* [Work to be completed] Given the entries that follow, write out exactly the lines starting at the one containing "is_derive h1 x" and ending at the one containing "cramer (n (face", both ends included, and only those.

* [Material provided]
*** Begin section ***

Definition area_variation (M : OMap) (f fd : vert M -> vec3) (n : fc M -> vec3) (p : fc M) : R :=
  / 2 * sumR (fun d => v3dot (v3cross (fd (src M d)) (f (tgt M d))) (n p)
                     + v3dot (v3cross (f (src M d)) (fd (tgt M d))) (n p)) (bdarts M p).

Definition vderiv (a : R -> vec3) (x : R) (a' : vec3) : Prop :=
  is_derive (fun t => v3x (a t)) x (v3x a') /\ is_derive (fun t => v3y (a t)) x (v3y a') /\
  is_derive (fun t => v3z (a t)) x (v3z a').

Lemma is_derive_eq (f : R -> R) x l l' : is_derive f x l -> l = l' -> is_derive f x l'.
Proof. now intros H <-. Qed.

Lemma is_derive_Rplus (f g : R -> R) x a b :
  is_derive f x a -> is_derive g x b -> is_derive (fun t => f t + g t) x (a + b).
Proof. intros; apply (is_derive_plus f g); auto. Qed.

Lemma is_derive_Rminus (f g : R -> R) x a b :
  is_derive f x a -> is_derive g x b -> is_derive (fun t => f t - g t) x (a - b).
Proof. intros; apply (is_derive_minus f g); auto. Qed.

Lemma is_derive_Rmult (f g : R -> R) x a b :
  is_derive f x a -> is_derive g x b -> is_derive (fun t => f t * g t) x (a * g x + f x * b).
Proof. intros; apply (is_derive_mult f g); auto. intros; apply Rmult_comm. Qed.

Lemma is_derive_Rconst (c x : R) : is_derive (fun _ => c) x 0.
Proof. apply (is_derive_const c). Qed.

Ltac derive_poly :=
  match goal with
  | |- is_derive (fun t => _ + _) _ _ => apply is_derive_Rplus; derive_poly
  | |- is_derive (fun t => _ - _) _ _ => apply is_derive_Rminus; derive_poly
  | |- is_derive (fun t => _ * _) _ _ => apply is_derive_Rmult; derive_poly
  | _ => first [eassumption | apply is_derive_Rconst]
  end.

(* The derivative computed by [derive_poly] lives in a Coquelicot structure over [R];
   [change] exposes it as a plain real equation for [ring]. *)
Ltac derive_ring :=
  eapply is_derive_eq;
  [ derive_poly
  | cbv beta; match goal with |- ?a = ?b => change (@eq R a b) end; ring ].

Lemma vderiv_cramer (a b c : vec3) (h1 h2 h3 : R -> R) x d1 d2 d3 :
  is_derive h1 x d1 -> is_derive h2 x d2 -> is_derive h3 x d3 ->
  vderiv (fun t => cramer a b c (h1 t) (h2 t) (h3 t)) x (cramer a b c d1 d2 d3).
Proof.
  intros H1 H2 H3. unfold vderiv, cramer, v3scale, v3add; cbn [v3x v3y v3z].
  split; [|split]; derive_ring.
Qed.

Lemma vderiv_dot (a : R -> vec3) x a' (m : vec3) :
  vderiv a x a' -> is_derive (fun t => v3dot (a t) m) x (v3dot a' m).
Proof. intros [ax [ay az]]; unfold v3dot; derive_ring. Qed.

Lemma vderiv_cross_dot (a b : R -> vec3) x a' b' (m : vec3) : vderiv a x a' -> vderiv b x b' ->
  is_derive (fun t => v3dot (v3cross (a t) (b t)) m) x
    (v3dot (v3cross a' (b x)) m + v3dot (v3cross (a x) b') m).
Proof.
  intros [ax [ay az]] [bx [by' bz]]; unfold v3dot, v3cross; cbn [v3x v3y v3z]; derive_ring.
Qed.

Section VertexPlanes.
Variables (M : OMap) (n : fc M -> vec3).
Hypothesis Hdet : forall d,
  det3 (n (face M d)) (n (face M (rot M d))) (n (face M (rot M (rot M d)))) <> 0.

Definition plane_point (k : fc M -> R) (d : dart M) : vec3 :=
  cramer (n (face M d)) (n (face M (rot M d))) (n (face M (rot M (rot M d))))
         (k (face M d)) (k (face M (rot M d))) (k (face M (rot M (rot M d)))).

Lemma plane_pointE (g : vert M -> vec3) (k : fc M -> R) :
  (forall d, v3dot (g (src M d)) (n (face M d)) = k (face M d)) ->
  forall d, g (src M d) = plane_point k d.
Proof.
  intros Hg d. unfold plane_point.
  rewrite <- (Hg d), <- (Hg (rot M d)), <- (Hg (rot M (rot M d))), !src_rot.
  symmetry; apply cramer_dotK, Hdet.
Qed.

Lemma normal_velocity_exists (k : fc M -> R) : trivalent M ->
  exists w : vert M -> vec3, forall d, v3dot (w (src M d)) (n (face M d)) = k (face M d).
Proof.
  intro Htri.
  destruct (choice (fun v d => src M d = v) (vert_dart M)) as [dv Hdv].
  exists (fun v => plane_point k (dv v)). intro d.
  assert (Hs : src M d = src M (dv (src M d))) by (symmetry; apply Hdv).
  revert Hs; generalize (dv (src M d)); intros e Hs.
  destruct (cramer_dot (n (face M e)) (n (face M (rot M e))) (n (face M (rot M (rot M e))))
              (k (face M e)) (k (face M (rot M e))) (k (face M (rot M (rot M e)))) (Hdet e))
    as [H1 [H2 H3]].
  destruct (proj2 (proj2 (proj2 (Htri e))) d Hs) as [E|[E|E]]; subst d; assumption.
Qed.

Lemma plane_equations_unique (g1 g2 : vert M -> vec3) (k : fc M -> R) :
  (forall d, v3dot (g1 (src M d)) (n (face M d)) = k (face M d)) ->
  (forall d, v3dot (g2 (src M d)) (n (face M d)) = k (face M d)) -> g1 = g2.
Proof.
  intros H1 H2. apply functional_extensionality; intro v.
  destruct (vert_dart M v) as [d <-]. now rewrite (plane_pointE g1 k H1), (plane_pointE g2 k H2).
Qed.
Lemma annot_correct_mtens A B C D (f : nld A B) (g : nld C D) :
  annot_correct f -> annot_correct g -> annot_correct (mtens A B C D f g).
Proof.
move=> IHf IHg n /=.
have [Wf Hf] := IHf n; have [Wg Hg] := IHg (ann_nxt (annot f n)).
have Hu := wf_annot_disjoint Wf Wg; rewrite catA in Hu.
have [Hs Ht _ _ _ _ _] := Wf; have [Hs2 Ht2 _ _ _ _ _] := Wg.
split.
  by apply: (wf_annot_cat Wf Wg); rewrite ?size_cat ?Hs ?Hs2 ?Ht ?Ht2 //; perm_by_count.
move=> y x Hy Hx; have [b [e [-> Hb He]]] := indices_catP Hy.
have [a [c [-> Ha Hc]]] := indices_catP Hx.
rewrite mxtens_cat ?(size_indices Ha) ?(size_indices Hb) ?size_sh //.
rewrite Hf // Hg // (ann_map_cat Wf Wg); first by solve_delta_perm.
by index_sizes; solve_size.
Qed.

Lemma annot_correct_mslash A B C D (f : nld A B) (g : nld C D) :
  annot_correct f -> annot_correct g -> annot_correct (mslash A B C D f g).
Proof.
move=> IHf IHg n /=.
have [Wf Hf] := IHf n; have [Wg Hg] := IHg (ann_nxt (annot f n)).
have Hu := wf_annot_disjoint Wf Wg; rewrite catA in Hu.
have [Hs Ht _ _ _ _ _] := Wf; have [Hs2 Ht2 _ _ _ _ _] := Wg.
split.
  by apply: (wf_annot_cat Wf Wg); rewrite ?size_cat ?Hs ?Hs2 ?Ht ?Ht2 //; perm_by_count.
move=> y x Hy Hx; have [b [c [-> Hb Hc]]] := indices_catP Hy.
have [a [e [-> Ha He]]] := indices_catP Hx.
rewrite -!(size_sh d) mslash_entry // Hf // Hg // (ann_map_cat Wf Wg).
  by solve_delta_perm.
by index_sizes; solve_size.
Qed.
(* The two-sided ideal $(z')=z'U^+$ is completely prime, i.e. $U^+/(z')$ is a domain.
   Context: $\Bbbk$ is an algebraically closed field of characteristic zero and $q\in\Bbbk^\times$ is not a root of unity. $U^+$ is the $\Bbbk$-algebra generated by $e_1,e_2$ with relations (S1) $e_1^2e_2-(q^2+q^{-2})e_1e_2e_1+e_2e_1^2=0$ and (S2) $e_2^3e_1-(q^2+1+q^{-2})e_2^2e_1e_2+(q^2+1+q^{-2})e_2e_1e_2^2-e_1e_2^3=0$. Set $e_3=e_1e_2-q^2e_2e_1$, $w=e_2e_3-e_3e_2$, $z'=e_1w-q^{-4}we_1$ (a central element). *)

From mathcomp Require Import all_boot all_order all_algebra.
Set Implicit Arguments. Unset Strict Implicit. Unset Printing Implicit Defensive.
Import GRing.Theory.
Local Open Scope ring_scope.

(* Elements of the free associative unital k-algebra k<e1,e2>, as syntax. *)
Inductive term (k : Type) : Type :=
| TC of k
| TE1 | TE2
| TAdd of term k & term k
| TMul of term k & term k.
Arguments TE1 {k}. Arguments TE2 {k}.

Section Terms.
Variable k : fieldType.
Definition tscale (c : k) (t : term k) := TMul (TC c) t.
Definition tsub (a b : term k) := TAdd a (tscale (-1) b).

Variable q : k.
Definition S1 : term k :=
  TAdd (tsub (TMul TE1 (TMul TE1 TE2)) (tscale (q^+2 + q^-2) (TMul TE1 (TMul TE2 TE1))))
       (TMul TE2 (TMul TE1 TE1)).
Definition S2 : term k :=
  tsub (TAdd (tsub (TMul TE2 (TMul TE2 (TMul TE2 TE1)))
                   (tscale (q^+2 + 1 + q^-2) (TMul TE2 (TMul TE2 (TMul TE1 TE2)))))
             (tscale (q^+2 + 1 + q^-2) (TMul TE2 (TMul TE1 (TMul TE2 TE2)))))
       (TMul TE1 (TMul TE2 (TMul TE2 TE2))).
Definition e3 : term k := tsub (TMul TE1 TE2) (tscale (q^+2) (TMul TE2 TE1)).
Definition w : term k := tsub (TMul TE2 e3) (TMul e3 TE2).
Definition z' : term k := tsub (TMul TE1 w) (tscale (q^-4) (TMul w TE1)).

Definition relator (t : term k) : Prop := t = S1 \/ t = S2 \/ t = z'.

*** End section ***

* [Reply to the task]
  is_derive h1 x d1 -> is_derive h2 x d2 -> is_derive h3 x d3 ->
  vderiv (fun t => cramer a b c (h1 t) (h2 t) (h3 t)) x (cramer a b c d1 d2 d3).
Proof.
  intros H1 H2 H3. unfold vderiv, cramer, v3scale, v3add; cbn [v3x v3y v3z].
  split; [|split]; derive_ring.
Qed.

Lemma vderiv_dot (a : R -> vec3) x a' (m : vec3) :
  vderiv a x a' -> is_derive (fun t => v3dot (a t) m) x (v3dot a' m).
Proof. intros [ax [ay az]]; unfold v3dot; derive_ring. Qed.

Lemma vderiv_cross_dot (a b : R -> vec3) x a' b' (m : vec3) : vderiv a x a' -> vderiv b x b' ->
  is_derive (fun t => v3dot (v3cross (a t) (b t)) m) x
    (v3dot (v3cross a' (b x)) m + v3dot (v3cross (a x) b') m).
Proof.
  intros [ax [ay az]] [bx [by' bz]]; unfold v3dot, v3cross; cbn [v3x v3y v3z]; derive_ring.
Qed.

Section VertexPlanes.
Variables (M : OMap) (n : fc M -> vec3).
Hypothesis Hdet : forall d,
  det3 (n (face M d)) (n (face M (rot M d))) (n (face M (rot M (rot M d)))) <> 0.

Definition plane_point (k : fc M -> R) (d : dart M) : vec3 :=
  cramer (n (face M d)) (n (face M (rot M d))) (n (face M (rot M (rot M d))))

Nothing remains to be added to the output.